» Exercise
Transcribe the full listing with no word altered.

----

Theorem proposition3p12 (G : finType) (ar : G -> nat)
  (ar_pos : forall a : G, 0 < ar a)
  (s t : tree G) (rs : seq (tree G)) :
  wf ar s -> wf ar t -> is_diff ar s t rs ->
  card_is (interval ar s t) (ld (sh (diamond rs))).
Proof.
move=> _ wft rs_diff; have [szrs _ _] := rs_diff.
rewrite -(size_interval_enum s); apply: card_is_uniq; first exact: uniq_interval_enum.
by move=> u; apply: intervalP.
Qed.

----

» Answer box
Theorem proposition3p12 (G : finType) (ar : G -> nat)
  (ar_pos : forall a : G, 0 < ar a)
  (s t : tree G) (rs : seq (tree G)) :
  wf ar s -> wf ar t -> is_diff ar s t rs ->
  card_is (interval ar s t) (ld (sh (diamond rs))).
Proof.
move=> _ wft rs_diff; have [szrs _ _] := rs_diff.
rewrite -(size_interval_enum s); apply: card_is_uniq; first exact: uniq_interval_enum.
by move=> u; apply: intervalP.
Qed.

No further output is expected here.